* **WHAT IS BEING ASKED**:
State the count of lines below in which the word "Notation" appears, and add nothing.

* **Stored items**:
Lemma lee_convex_comb (R : realType) (t : R) (x y x' y' : \bar R) :
  0 <= t <= 1 -> (x <= x')%E -> (y <= y')%E ->
  (t%:E * x + (1 - t)%:E * y <= t%:E * x' + (1 - t)%:E * y')%E.
Proof.
case/andP=> t0 t1 xx' yy'.
by rewrite leeD // lee_wpmul2l // lee_fin // subr_ge0.
Qed.

Section ExpectedTimeSharing.
Variables (R : realType) (d : measure_display) (T : measurableType d).
Variables (mu : {measure set T -> \bar R}) (h : T -> R) (Ppeak t : R).
Variables (pa alphaa pb alphab : T -> R).
Hypotheses (mh : measurable_fun setT h) (h_ge0 : forall nu, 0 <= h nu) (t01 : 0 <= t <= 1)
  (feasible_a : pointwise_feasible Ppeak pa alphaa)
  (feasible_b : pointwise_feasible Ppeak pb alphab).

Local Notation pc := (convex_comb t pa pb).
Local Notation alphac := (mixed_split t pa alphaa pb alphab).

Let mpa : measurable_fun setT pa. Proof. by case: feasible_a. Qed.
Let mpb : measurable_fun setT pb. Proof. by case: feasible_b. Qed.
Let maa : measurable_fun setT alphaa. Proof. by case: feasible_a => _ []. Qed.
Let mab : measurable_fun setT alphab. Proof. by case: feasible_b => _ []. Qed.
Let pa_bd nu : 0 <= pa nu <= Ppeak. Proof. by case: feasible_a => _ [_ []]. Qed.
Let pb_bd nu : 0 <= pb nu <= Ppeak. Proof. by case: feasible_b => _ [_ []]. Qed.
Let pa_ge0 nu : 0 <= pa nu. Proof. by case/andP: (pa_bd nu). Qed.
Let pb_ge0 nu : 0 <= pb nu. Proof. by case/andP: (pb_bd nu). Qed.
Let alphaa01 nu : 0 <= alphaa nu <= 1. Proof. by case: feasible_a => _ [_ []]. Qed.
Let alphab01 nu : 0 <= alphab nu <= 1. Proof. by case: feasible_b => _ [_ []]. Qed.

Let measurable_pc : measurable_fun setT pc.
Proof. exact: measurable_convex_comb. Qed.

Let measurable_alphac : measurable_fun setT alphac.
Proof. exact: measurable_mixed_split. Qed.

Let energy_ge0 p alpha nu : 0 <= p nu -> 0 <= alpha nu <= 1 -> 0 <= energy h p alpha nu.
Proof. by move=> p0 /andP[a0 a1]; rewrite !mulr_ge0 ?subr_ge0. Qed.

Lemma pointwise_feasible_time_sharing : pointwise_feasible Ppeak pc alphac.
Proof.
split=> //; split=> //; split=> [nu|]; last exact: mixed_split_01.
rewrite convex_comb_ge0 ?convex_comb_le //.
- by case/andP: (pa_bd nu).
- by case/andP: (pb_bd nu).
Qed.

Lemma integral_power_time_sharing :
  (\int[mu]_nu (pc nu)%:E =
     t%:E * \int[mu]_nu (pa nu)%:E + (1 - t)%:E * \int[mu]_nu (pb nu)%:E)%E.
Proof. exact: integral_convex_comb. Qed.

Lemma integral_energy_time_sharing :
  (\int[mu]_nu (energy h pc alphac nu)%:E =
     t%:E * \int[mu]_nu (energy h pa alphaa nu)%:E
     + (1 - t)%:E * \int[mu]_nu (energy h pb alphab nu)%:E)%E.
Proof.
under eq_integral do rewrite energy_time_sharing //.
by apply: integral_convex_comb => // [||nu|nu];
  [apply: measurable_energy|apply: measurable_energy|apply: energy_ge0|apply: energy_ge0].
Qed.

Lemma integral_rate_time_sharing_ge (sigma2 : R) : 0 < sigma2 ->
  (t%:E * \int[mu]_nu (rate h sigma2 pa alphaa nu)%:E
   + (1 - t)%:E * \int[mu]_nu (rate h sigma2 pb alphab nu)%:E
   <= \int[mu]_nu (rate h sigma2 pc alphac nu)%:E)%E.
Proof.
move=> s0.
have rate_ge0_01 p alpha nu : 0 <= p nu -> 0 <= alpha nu <= 1 ->
    0 <= rate h sigma2 p alpha nu by move=> p0 /andP[a0 _]; exact: rate_ge0.
rewrite -integral_convex_comb // => [|||nu|nu]; last 4 first.
- exact: measurable_rate.
- exact: measurable_rate.
- exact: rate_ge0_01.
- exact: rate_ge0_01.
apply: ge0_le_integral => //.
- by move=> nu _; rewrite lee_fin convex_comb_ge0 // rate_ge0_01.
- by apply/measurable_EFinP/measurable_convex_comb; exact: measurable_rate.
- by apply/measurable_EFinP; exact: measurable_rate.
- by move=> nu _; rewrite lee_fin rate_time_sharing_ge.
Qed.

End ExpectedTimeSharing.

Theorem lemma3p1 (R : realType) (d : measure_display) (T : measurableType d)
  (P : probability T R) (h : T -> R) (sigma2 Ppeak : R)
  (Qa Pa Qb Pb : R) (pa alphaa pb alphab : T -> R) (theta : R) :
  measurable_fun setT h -> (forall nu, 0 <= h nu) ->
  has_continuous_pdf P h ->
  0 < sigma2 -> 0 < Ppeak ->
  0 <= Qa -> Pa <= Ppeak -> 0 <= Qb -> Pb <= Ppeak ->
  P2_optimal P h sigma2 Ppeak Qa Pa pa alphaa ->
  P2_optimal P h sigma2 Ppeak Qb Pb pb alphab ->
  0 <= theta <= 1 ->
  exists pc alphac : T -> R,
    pointwise_feasible Ppeak pc alphac /\
    (\int[P]_nu (rate h sigma2 pc alphac nu)%:E >=
       theta%:E * \int[P]_nu (rate h sigma2 pa alphaa nu)%:E
       + (1 - theta)%:E * \int[P]_nu (rate h sigma2 pb alphab nu)%:E)%E /\
    (\int[P]_nu (energy h pc alphac nu)%:E >= (theta * Qa + (1 - theta) * Qb)%:E)%E /\
    (\int[P]_nu (pc nu)%:E <= (theta * Pa + (1 - theta) * Pb)%:E)%E.
Proof.
move=> mh h0 _ s0 _ _ _ _ _ [[feas_a [Ea Pav]] _] [[feas_b [Eb Pbv]] _] t01.
exists (convex_comb theta pa pb), (mixed_split theta pa alphaa pb alphab).
split; first exact: pointwise_feasible_time_sharing feas_a feas_b.
split; first by apply: (integral_rate_time_sharing_ge P mh h0 t01 feas_a feas_b s0).
split.
- rewrite (integral_energy_time_sharing P mh h0 t01 feas_a feas_b).
  by rewrite EFin_convex_comb lee_convex_comb.
- rewrite (integral_power_time_sharing P t01 feas_a feas_b).
  by rewrite EFin_convex_comb lee_convex_comb.
Qed.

* **ANSWER SPACE**:
2